Ha'dar a various reading of two Heb. names. SEE ETS-HADAR.
1. CHADAR'(חֲדִר, perhaps chamber; Sept. Χοδδάν; Vulg. Hadar), a son of Ishmael (Ge 25:15); written in 1Ch 1:30, Chadad'(חֲדִד, Χονδάν, Hadad); but Gesenius supposes the former to be the true reading of the name. It has not been identified, in a satisfactory way, with the appellation of any tribe or place in Arabia, or on the Syrian frontier; but names identical with, or very closely resembling it, are not uncommon in those parts, and may contain traces of the Ishmaelitish tribe sprung from Hadar. The mountain Hadad, belonging to Teyma, SEE TEMA. on the borders of the Syrian desert, north of el-Medineh, is perhaps the most likely to be correctly identified with the ancient dwellings of this tribe; it stands among a group of names of the sons of Ishmael, containing Dumah, Kedar, and Temna. SEE HADAD, 2.

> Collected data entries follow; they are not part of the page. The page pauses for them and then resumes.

(* Let $Y$ be the colimit of a sequence $Y_1\subset Y_2\subset\cdots$ of spaces. Assume that each $Y_n$ is paracompact and closed in $Y$, that each $Y_n\subset Y_{n+1}$ is a neighbourhood retract, and that each $Y_{n+1}\setminus Y_n$ is paracompact and Hausdorff. Then $Y$ is paracompact.
   Context: A space is called paracompact if every open cover admits a subordinate locally finite partition of unity. *)

From HB Require Import structures.
From mathcomp Require Import all_boot all_order all_algebra.
From mathcomp Require Import all_classical all_reals all_analysis.
Set Implicit Arguments. Unset Strict Implicit. Unset Printing Implicit Defensive.
Import Order.TTheory GRing.Theory Num.Theory numFieldNormedType.Exports.
Local Open Scope classical_set_scope.
Local Open Scope ring_scope.

Definition fsupport {R : realType} {T : topologicalType} (g : T -> R) : set T :=
  closure [set x | g x != 0].

Definition lf_partition_of_unity_subordinate (R : realType) (T : topologicalType)
    (I : choiceType) (f : I -> T -> R) (J : Type) (U : J -> set T) : Prop :=
  [/\ (forall i, continuous (f i)),
      (forall i x, 0 <= f i x),
      (forall x : T, exists2 N : set T, nbhs x N &
          finite_set [set i | N `&` fsupport (f i) !=set0]),
      (forall x, \sum_(i \in [set: I]) f i x = 1) &
      (forall i, exists j, fsupport (f i) `<=` U j)].

Definition paracompact (R : realType) (T : topologicalType) : Prop :=
  forall (J : Type) (U : J -> set T),
    (forall j, open (U j)) -> \bigcup_j U j = setT ->
    exists (I : choiceType) (f : I -> T -> R),
      lf_partition_of_unity_subordinate f U.

Definition colimit_topology (Y : topologicalType) (Yn : nat -> set Y) : Prop :=
  forall U : set Y, (forall n, @open (subspace (Yn n)) (U `&` Yn n)) -> open U.

Definition nbhd_retract (Y : topologicalType) (A B : set Y) : Prop :=
  exists V : set Y, [/\ A `<=` V, V `<=` B, @open (subspace B) V &
    exists r : Y -> Y, [/\ {within V, continuous r}, r @` V `<=` A &
      forall x, A x -> r x = x]].

(* Fix an open cover U of Y. We build, level by level, locally finite partitions
   of unity Phi_p of Y_p subordinate to U, each extending the previous one. Given
   Phi_p, a retraction r : V -> Y_p of a neighbourhood V of Y_p in Y_{p+1} and any
   partition of unity Psi of Y_{p+1} subordinate to U, put
     Phi_{p+1} = lambda * (Phi_p o r) + (1 - lambda) * Psi,
   where the cutoff lambda, obtained from the paracompactness of Y_{p+1}, is 1 on
   Y_p and vanishes off the open set of those v in V for which r v lying in the
   support of a function forces v into the open set of U attached to it. Then
   Phi_{p+1} agrees with Phi_p on Y_p and acquires no new supports near Y_p, so
   the union of the Phi_p is continuous and locally finite in the colimit
   topology. *)

From HB Require Import structures.
From mathcomp Require Import all_boot all_order all_algebra.
From mathcomp Require Import all_classical all_reals all_analysis.
From mathcomp Require Import finmap lra.
Import Order.TTheory GRing.Theory Num.Theory numFieldNormedType.Exports.
Local Open Scope classical_set_scope.

Lemma dependent_choice_nat {T : Type} (P : nat -> T -> Prop)
    (Q : nat -> T -> T -> Prop) (t0 : T) :
  P 0 t0 -> (forall n t, P n t -> exists2 t', P n.+1 t' & Q n t t') ->
  exists f : nat -> T, [/\ f 0 = t0, forall n, P n (f n) &
                          forall n, Q n (f n) (f n.+1)].
Proof.
move=> P0 step.
have next (nt : nat * T) : exists t', P nt.1 nt.2 -> P nt.1.+1 t' /\ Q nt.1 nt.2 t'.
  case: nt => n t; have [Pt|nPt] := pselect (P n t); last by exists t.
  by have [t' ? ?] := step n t Pt; exists t'.
have [g gP] := choice next.
pose f := fix f n := if n is m.+1 then g (m, f m) else t0.
have fP n : P n (f n) by elim: n => [|n IH] //; exact: (gP (n, f n) IH).1.
by exists f; split=> // n; exact: (gP (n, f n) (fP n)).2.
Qed.

Lemma subset_chain {T : Type} {A : nat -> set T} :
  (forall n, A n `<=` A n.+1) -> forall m n, (m <= n)%N -> A m `<=` A n.
Proof.
move=> incA m n /subnKC <-; elim: (n - m)%N => [|d IH]; first by rewrite addn0.
by rewrite addnS => z /IH /incA.
Qed.

Lemma bigcup_compatibleI {T : Type} (A M : nat -> set T) :
  (forall n, A n `<=` A n.+1) -> (forall n, M n.+1 `&` A n = M n `&` A n) ->
  forall n, (\bigcup_d (M d `&` A d)) `&` A n = M n `&` A n.
Proof.
move=> incA MA n.
have incAn m d : A m `<=` A (m + d) by apply: subset_chain; rewrite ?leq_addr.
have stable m d : M (m + d) `&` A m = M m `&` A m.
  elim: d => [|d IH]; first by rewrite addn0.
  rewrite -IH addnS; apply/seteqP; split=> z [Mz Amz].
    have : (M (m + d).+1 `&` A (m + d)) z by split=> //; exact: incAn.
    by rewrite MA => -[].
  have : (M (m + d) `&` A (m + d)) z by split=> //; exact: incAn.
  by rewrite -MA => -[].
apply/seteqP; split=> [z [[d _ [Mdz Adz]] Anz]|z [Mnz Anz]]; last first.
  by split=> //; exists n.
have [nd|dn] := leqP n d.
  by have := stable n (d - n)%N; rewrite subnKC // => <-.
have : (M (d + (n - d)) `&` A d) z by rewrite stable.
by rewrite subnKC ?(ltnW dn) // => -[].
Qed.

Section Sums.
Context {R : realType}.
Local Open Scope ring_scope.

Lemma fsbigT_lincomb {I : choiceType} (f g : I -> R) (a b : R) :
  finite_set [set i | f i != 0] -> finite_set [set i | g i != 0] ->
  \sum_(i \in [set: I]) (a * f i + b * g i) =
  a * \sum_(i \in [set: I]) f i + b * \sum_(i \in [set: I]) g i.
Proof.
move=> ff fg.
have fU : finite_set ([set i | f i != 0] `|` [set i | g i != 0]).
  by rewrite finite_setU.
pose S := fset_set ([set i | f i != 0] `|` [set i | g i != 0]).
have out i : i \notin S -> f i = 0 /\ g i = 0.
  rewrite in_fset_set // => h; split; apply/eqP; apply: contraT => nz;
  move: h; rewrite mem_set //; [left|right]; exact: nz.
rewrite (fsbigTE S); last by move=> i /out [-> ->]; rewrite !mulr0 addr0.
rewrite (fsbigTE S f); last by move=> i /out [].
rewrite (fsbigTE S g); last by move=> i /out [].
by rewrite big_split /= !mulr_sumr.
Qed.

Lemma continuous_fsbig_locally_finite {T : topologicalType} (I : choiceType)
    (f : I -> T -> R) (P : set I) :
  (forall i, continuous (f i)) ->
  (forall x : T, exists2 N : set T, nbhs x N &
     finite_set [set i | N `&` fsupport (f i) !=set0]) ->
  continuous (fun x => \sum_(i \in P) f i x).
Proof.
move=> fc lf x; have [N Nx Nfin] := lf x.
pose F := fset_set [set i | N `&` fsupport (f i) !=set0].
have sumE z : N z -> \sum_(i \in P) f i z =
    \sum_(i <- enum_fset F) (if i \in P then f i z else 0).
  move=> Nz; rewrite fsbig_mkcond (fsbigTE F) // => i iF.
  rewrite /patch; case: ifP => // _; apply/eqP; apply: contraNT iF => fi0.
  rewrite in_fset_set //; apply/mem_set; exists z; split=> //.
  exact: subset_closure.
rewrite /continuous_at sumE; last exact: nbhs_singleton.
have seq_cvg : (fun z => \sum_(i <- enum_fset F) (if i \in P then f i z else 0))
    @ x --> \sum_(i <- enum_fset F) (if i \in P then f i x else 0).
  apply: (cvg_big add_continuous) => // i _.
  by case: ifP => _; [exact: fc | exact: cvg_cst].
apply: cvg_trans seq_cvg.
by apply: near_eq_cvg; near=> z; rewrite sumE //; near: z.
Unshelve. all: by end_near.
Qed.

Lemma paracompact_urysohn {T : topologicalType} {C O : set T} :
  paracompact R T -> closed C -> open O -> C `<=` O ->
  exists f : T -> R, [/\ continuous f, forall t, C t -> f t = 0 &
                        forall t, ~ O t -> f t = 1].
Proof.
move=> Tpara Cclosed Oopen CO.
pose W (b : bool) := if b then O else ~` C.
have Wopen b : open (W b) by case: b => //; rewrite openC.
have Wcover : \bigcup_b W b = setT.
  apply/seteqP; split=> // t _; have [Ot|nOt] := pselect (O t).
    by exists true.
  by exists false => // Ct; exact/nOt/CO.
have [I [f [fc _ flf fsum fsub]]] := Tpara bool W Wopen Wcover.
have [j jW] := choice fsub.
have f0 i t : ~ W (j i) t -> f i t = 0.
  move=> nWt; have [//|fit0] := eqVneq (f i t) 0.
  by exfalso; apply/nWt/jW; exact: subset_closure.
exists (fun t => \sum_(i \in [set i | j i = false]) f i t); split.
- exact: continuous_fsbig_locally_finite.
- by move=> t Ct; apply: fsbig1 => i /= ji; apply: f0; rewrite ji.
- move=> t nOt; rewrite -(fsum t); apply: fsbig_widen => // i [_ /= ji].
  by apply: f0; case: (j i) ji.
Qed.

End Sums.

Section Topology.
Context {T : topologicalType}.

Lemma open_closureI_neq0 (M S : set T) :
  open M -> M `&` closure S !=set0 -> M `&` S !=set0.
Proof.
move=> Mo [z [Mz cz]]; rewrite setIC; apply: cz.
exact: open_nbhs_nbhs.
Qed.

Lemma open_closureI_eq0 (M S : set T) :
  open M -> M `&` S = set0 -> M `&` closure S = set0.
Proof.
move=> Mo MS; apply/eqP/negPn/negP => /set0P/(open_closureI_neq0 _ _ Mo).
by rewrite MS => -[].
Qed.

Lemma near_within_open {A : set T} {t : T} {P : T -> Prop} :
  (\forall z \near within A (nbhs t), P z) ->
  exists2 M : set T, open_nbhs t M & forall z, M z -> A z -> P z.
Proof.
move=> /nbhs_interior tP; exists (interior (fun z => A z -> P z)) => //.
- by split; [exact: open_interior | exact: nbhs_singleton].
- by move=> z /interior_subset.
Qed.

Lemma open_subspace_near (A S : set T) :
  (forall t, A t -> S t -> \forall z \near within A (nbhs t), S z) ->
  open (S : set (subspace A)).
Proof.
move=> Snear; rewrite openE => t St; rewrite /interior.
by case: (nbhs_subspaceP A t) => [At|_]; [exact: Snear | move=> z ->].
Qed.

Lemma near_within_open_subspace {B V : set T} {t : T} {P : T -> Prop} :
  open (V : set (subspace B)) -> V t -> B t ->
  (\forall z \near within V (nbhs t), P z) ->
  \forall z \near within B (nbhs t), P z.
Proof.
move=> Vo Vt Bt tP.
have BV : within B (nbhs t) V.
  by rewrite (nbhs_subspace_in Bt); exact: (@open_nbhs_nbhs (subspace B)).
exact: (filterS2 _ (fun z (BV : B z -> V z) (VP : V z -> P z) Bz => VP (BV Bz))
  BV tP).
Qed.

Lemma near_within_mem_open_subspace {B V : set T} {t : T} :
  open (V : set (subspace B)) -> V t -> B t ->
  \forall z \near within B (nbhs t), V z.
Proof.
by move=> Vo Vt Bt; apply: near_within_open_subspace Vo Vt Bt _; exact: withinT.
Qed.

Lemma near_within_comp_open_subspace {S : topologicalType} {B V : set T}
    {r : T -> S} {t : T} {P : set S} :
  open (V : set (subspace B)) -> V t -> B t -> {within V, continuous r} ->
  nbhs (r t) P -> \forall z \near within B (nbhs t), P (r z).
Proof.
move=> Vo Vt Bt rc rtP.
exact: near_within_open_subspace Vo Vt Bt ((subspace_continuousP _ _).1 rc t Vt P rtP).
Qed.

End Topology.

Section RealTopology.
Context {R : realType} {T : topologicalType}.
Local Open Scope ring_scope.

Lemma near_within_lt {B : set T} {g : T -> R} {t : T} {c : R} :
  {within B, continuous g} -> B t -> g t < c ->
  \forall z \near within B (nbhs t), g z < c.
Proof.
move=> gc Bt gtc; have gtcvg := (subspace_continuousP _ _).1 gc t Bt.
have : nbhs (g t) [set u | u < c].
  by apply: open_nbhs_nbhs; split=> //; exact: open_lt.
exact: gtcvg.
Qed.

Lemma near_within_gt {B : set T} {g : T -> R} {t : T} {c : R} :
  {within B, continuous g} -> B t -> c < g t ->
  \forall z \near within B (nbhs t), c < g z.
Proof.
move=> gc Bt gtc; have gtcvg := (subspace_continuousP _ _).1 gc t Bt.
have : nbhs (g t) [set u | c < u].
  by apply: open_nbhs_nbhs; split=> //; exact: open_gt.
exact: gtcvg.
Qed.

(* Unlike [fsupport] on [subspace A], the closure is taken in the whole space,
   so local finiteness can be witnessed by open sets of the whole space, as the
   colimit topology requires. *)
Definition fsupport_in (A : set T) (g : T -> R) : set T :=
  closure (A `&` [set t | g t != 0]).

Lemma fsupport_in_closed (A : set T) (g : T -> R) : closed (fsupport_in A g).
Proof. exact: closed_closure. Qed.

Lemma fsupport_in_sub {A : set T} {g : T -> R} :
  closed A -> fsupport_in A g `<=` A.
Proof.
by move=> Ac; rewrite [X in _ `<=` X](closure_id A).1 //; apply: closureS.
Qed.

Lemma mem_fsupport_in {A : set T} {g : T -> R} {t : T} :
  A t -> g t != 0 -> fsupport_in A g t.
Proof. by move=> At gt0; apply: subset_closure. Qed.

Lemma fsupport_in_le (A B : set T) (g h : T -> R) :
  A `<=` B -> (forall t, A t -> g t != 0 -> h t != 0) ->
  fsupport_in A g `<=` fsupport_in B h.
Proof. by move=> AB gh; apply: closureS => t [At gt]; split; [exact: AB|exact: gh]. Qed.

Lemma fsupport_in_subspace {A : set T} {g : T -> R} :
  closed A -> fsupport_in A g `<=` @fsupport R (subspace A) g.
Proof.
move=> Ac t sgt; have At := fsupport_in_sub Ac _ sgt.
apply: (@closureS (subspace A) (A `&` [set t | g t != 0])); first exact: subIsetr.
by rewrite closure_subspaceW; [split | exact: subIsetl].
Qed.

End RealTopology.

Section PartitionOfUnityOn.
Context {R : realType} {Y : topologicalType}.
Local Open Scope ring_scope.

Lemma fsupport_in_cst0 (A : set Y) : fsupport_in A (fun=> 0 : R) = set0.
Proof.
rewrite /fsupport_in (_ : _ `&` _ = set0) ?closure0 //.
by apply/seteqP; split=> // y [_]; rewrite /= eqxx.
Qed.

(* The cover is indexed by the partition's own index set, so that all stages of
   the construction below use the same open set for a given index. *)
Record pou_on {X : choiceType} (U : X -> set Y) (A : set Y)
    (Phi : X -> Y -> R) : Prop := {
  pou_cont : forall x, {within A, continuous Phi x};
  pou_ge0 : forall x y, 0 <= Phi x y;
  pou_lfin : forall y, A y -> exists2 M : set Y, open_nbhs y M &
    finite_set [set x | M `&` fsupport_in A (Phi x) !=set0];
  pou_sum1 : forall y, A y -> \sum_(x \in [set: X]) Phi x y = 1;
  pou_sub : forall x, fsupport_in A (Phi x) `<=` U x }.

2. HADAR'(הֲדִר, perh. ornament; Sept. Α᾿ράδ v.r. Α᾿ράθ; Vulg. Adua), one of the Edomitish kings, successor of Baal-Hanan ben-Achbor (Ge 36:39); and, if we may so understand the statement of ver. 31, about contemporary with Saul. The name of his city, and the name and genealogy of his wife, are given. In the parallel list in 1 Chronicles 1, he appears as HADAD. We know from another source (1Ki 11:14, etc.) that 'Hadad was one of the names of the royal family of Edom. Indeed, it occurs in this very list (Ge 36:35). SEE HADAD, 4.